Pretty much my go to hose. Won't work with certain tools (the other 36mm do) and the Compact Cleaning Set unless you change the tool end cuff.

Tom


----------



## overanalyze (Dec 28, 2010)

I bought a compact cleaning kit and cut the end of the wand off at the small to large transition in the end of the plastic. The Planex hose fits around the end and the compact hose end still fits inside. I also bought an adapter that fits in the Planex hose and adapts to the tool end on the sanders. This way I can still use the AC vac when sanding small stuff or corners.


----------



## platinumLLC (Nov 18, 2008)

bierman said:


> Also, as I am looking towards the automatic taping tools down the road, which company makes a good set up without just blindly buying the most expensive. Thanks


I don't have experience with the sanders but I did start adding auto taping tools this past year and I know you already bought the sander but I would start with the corner auto tools first. They save so much time you will kick yourself for not getting them sooner. Get a compound tube, applicator heads, flushers, and a roller. This will get you set up for inside corners. Depending on how much you want to spend right away you can also get an applicator head for outside corners and a roller. Then add in boxes and nail spotters. Can use a banjo or I'm going to try a flat applicator head for my tube and then just put the tape in the mud and see how that works. 

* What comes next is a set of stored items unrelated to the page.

(* Let $G$ be a digraph with a fixed upward planar drawing, let $s,t\in V(G)$ and let $P$ be a directed path from $s$ to $t$ in $G$. If $P'$ is a directed $s$-$t$ path with $P'\cap\mathrm{Right}(P)\neq\emptyset$, then there is a directed $s$-$t$ path $Q$ such that $Q\subseteq P\cup\mathrm{Right}(P)$ and $Q\cap\mathrm{Right}(P)\neq\emptyset$.
   Context: An upward planar drawing of a digraph is a plane drawing (no edge crossings) in which every directed edge is a curve monotone increasing in the $y$-direction from tail to head. A path is identified with the set of points of $\mathbb{R}^2$ in its drawing. For a path $P$ with endpoints $(x,y)$, $(x',y')$, $y\le y'$, let $\mathrm{Right}(P):=\{(u,v)\in\mathbb{R}^2: y\le v\le y',\ u'<u \text{ for all } u' \text{ with } (u',v)\in P\}$. *)

From Stdlib Require Import Reals List.
Import ListNotations.
Set Implicit Arguments.
Open Scope R_scope.

Record digraph := {
  vert : Type;
  edge : Type;
  tail : edge -> vert;
  head : edge -> vert;
  vert_fin : exists l : list vert, forall v, In v l;
  edge_fin : exists l : list edge, forall e, In e l }.

Arguments tail {d} e.
Arguments head {d} e.

Definition point := (R * R)%type.

Definition cont01 (f : R -> point) : Prop :=
  forall t, 0 <= t <= 1 -> forall eps, 0 < eps -> exists delta, 0 < delta /\
    forall t', 0 <= t' <= 1 -> Rabs (t' - t) < delta ->
      Rabs (fst (f t') - fst (f t)) < eps /\ Rabs (snd (f t') - snd (f t)) < eps.

Record upward_planar_drawing (G : digraph) := {
  vpos : vert G -> point;
  ecurve : edge G -> R -> point;
  vpos_inj : forall v w, vpos v = vpos w -> v = w;
  ecurve_cont : forall e, cont01 (ecurve e);
  ecurve_tail : forall e, ecurve e 0 = vpos (tail e);
  ecurve_head : forall e, ecurve e 1 = vpos (head e);
  ecurve_upward : forall e a b, 0 <= a -> a < b -> b <= 1 ->
    snd (ecurve e a) < snd (ecurve e b);
  ecurve_avoid_vertices : forall e t v, 0 < t < 1 -> ecurve e t <> vpos v;
  ecurve_noncrossing : forall e e' a b, e <> e' -> 0 <= a <= 1 -> 0 <= b <= 1 ->
    ecurve e a = ecurve e' b -> exists v, ecurve e a = vpos v }.

Fixpoint is_walk (G : digraph) (s : vert G) (es : list (edge G)) (t : vert G) : Prop :=
  match es with
  | [] => s = t
  | e :: es' => tail e = s /\ @is_walk G (head e) es' t
  end.

Definition walk_verts (G : digraph) (s : vert G) (es : list (edge G)) : list (vert G) :=
  s :: map (@head G) es.

Definition dipath (G : digraph) (s t : vert G) (es : list (edge G)) : Prop :=
  @is_walk G s es t /\ NoDup (@walk_verts G s es).

Definition path_points (G : digraph) (D : upward_planar_drawing G)
  (s : vert G) (es : list (edge G)) (p : point) : Prop :=
  p = vpos D s \/
  exists e, In e es /\ exists a, 0 <= a <= 1 /\ p = ecurve D e a.

Definition RightOf (G : digraph) (D : upward_planar_drawing G)
  (s t : vert G) (es : list (edge G)) (p : point) : Prop :=
  Rmin (snd (vpos D s)) (snd (vpos D t)) <= snd p <=
    Rmax (snd (vpos D s)) (snd (vpos D t)) /\
  forall u', path_points D s es (u', snd p) -> u' < fst p.

Arguments is_walk {G} s es t.
Arguments walk_verts {G} s es.
Arguments dipath {G} s t es.

From Stdlib Require Import Reals List Lra Lia Ranalysis5 ClassicalEpsilon Classical.
Import ListNotations.
Open Scope R_scope.

(* Let [e0] be an edge of [P'] through a point of Right(P), and let [S] be the
   maximal subwalk of [P'] through [e0] whose inner vertices avoid [P]: it leaves
   [P] at a vertex [u] and rejoins it at a higher vertex [w], so following [P] to
   [u], then [S], then [P] from [w] is a path [Q].  The geometric content is that
   [S] stays within [P] and Right(P).  An edge off [P] with a point in Right(P)
   cannot leave Right(P) without meeting [P]: an edge [f] of [P] lying to its
   right at some height lies to its left lower down, and an upward curve passing
   from the left of another upward curve to its right meets it (by the
   intermediate value theorem, after reparametrising by height), contradicting
   planarity.  The inner vertices of [S] are not on [P], hence strictly right of
   it, so this passes from each edge of [S] to the next. *)

Definition upward (f : R -> point) : Prop :=
  forall a b, 0 <= a -> a < b -> b <= 1 -> snd (f a) < snd (f b).

Lemma upward_le f a b : upward f -> 0 <= a -> a <= b -> b <= 1 ->
  snd (f a) <= snd (f b).
Proof. intros Hf ? ? ?. destruct (Req_dec a b) as [->|]; [lra|left; apply Hf; lra]. Qed.

Lemma upward_le_inv f a b : upward f -> 0 <= a <= 1 -> 0 <= b <= 1 ->
  snd (f a) <= snd (f b) -> a <= b.
Proof.
  intros Hf ? ? ?. destruct (Rle_dec a b) as [|Hba]; auto.
  assert (snd (f b) < snd (f a)) by (apply Hf; lra). lra.
Qed.

Lemma upward_inj f a b : upward f -> 0 <= a <= 1 -> 0 <= b <= 1 ->
  snd (f a) = snd (f b) -> a = b.
Proof. intros. apply Rle_antisym; apply (upward_le_inv f); auto; lra. Qed.

(** * Continuous curves as total functions *)

Definition clamp (t : R) : R :=
  if Rle_dec t 0 then 0 else if Rle_dec t 1 then t else 1.

Lemma clamp_in t : 0 <= clamp t <= 1.
Proof. unfold clamp; destruct (Rle_dec t 0); [lra|destruct (Rle_dec t 1); lra]. Qed.

Lemma clamp_id t : 0 <= t <= 1 -> clamp t = t.
Proof. intros; unfold clamp; destruct (Rle_dec t 0); [lra|destruct (Rle_dec t 1); lra]. Qed.

Lemma clamp_lipschitz x y : Rabs (clamp x - clamp y) <= Rabs (x - y).
Proof.
  unfold clamp; destruct (Rle_dec x 0); destruct (Rle_dec y 0);
  try destruct (Rle_dec x 1); try destruct (Rle_dec y 1);
  unfold Rabs; repeat destruct Rcase_abs; lra.
Qed.

Lemma continuity_pt_clamp : forall x, continuity_pt clamp x.
Proof.
  intros x eps Heps; exists eps; split; auto; intros x' [_ Hx'].
  simpl in *; unfold Rdist in *. pose proof (clamp_lipschitz x' x); lra.
Qed.

Lemma cont01_clamp f x : cont01 f ->
  continuity_pt (fun t => fst (f (clamp t))) x /\
  continuity_pt (fun t => snd (f (clamp t))) x.
Proof.
  intros Hf.
  split; intros eps Heps;
    destruct (Hf (clamp x) (clamp_in x) eps Heps) as [delta [Hdelta Hclose]];
    exists delta; split; auto; intros x' [_ Hx']; simpl in *; unfold Rdist in *;
    (destruct (Hclose (clamp x') (clamp_in x')) as [H1 H2];
     [pose proof (clamp_lipschitz x' x); lra | assumption]).
Qed.

Lemma upward_height_ivt f a b y : cont01 f -> 0 <= a -> a <= b -> b <= 1 ->
  snd (f a) <= y <= snd (f b) -> exists c, a <= c <= b /\ snd (f c) = y.
Proof.
  intros Hf Ha Hab Hb Hy.
  destruct (Req_dec a b) as [<-|Hneq]; [exists a; split; lra|].
  destruct (f_interv_is_interv (fun t => snd (f (clamp t))) a b y) as [c [Hc Ec]].
  - lra.
  - rewrite !clamp_id by lra. exact Hy.
  - intros; apply cont01_clamp, Hf.
  - exists c. rewrite clamp_id in Ec by lra. auto.
Qed.

Section HeightInverse.
Variable f : R -> point.
Hypothesis f_cont : cont01 f.
Hypothesis f_up : upward f.

(* A strictly increasing continuous bijection of R extending the height of [f]. *)
Let height t := snd (f (clamp t)) + (t - clamp t).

I have columbia brand and like them but I think others have had good luck with any of the major brands. There is another thread going about auto tools right now with some good info.


----------



## tjbnwi (Feb 24, 2009)

bierman said:


> Also, as I am looking towards the automatic taping tools down the road, which company makes a good set up without just blindly buying the most expensive. Thanks


See this thread;

http://www.contractortalk.com/f49/do-you-wet-tape-dry-tape-your-inside-corners-315098/

Tom


----------



## Big Shoe (Jun 16, 2008)

sparehair said:


> And another one ignored all the advice and just did what they were going to do anyway...
> 
> Sent from my SM-N910T using Tapatalk




Huh? 


Sent from my iPad using Tapatalk


----------



## sparehair (Nov 21, 2008)

Comes on says Im going to do x but maybe I should do y? 75 percent say do y. Does x.

Sent from my SM-N910T using Tapatalk


----------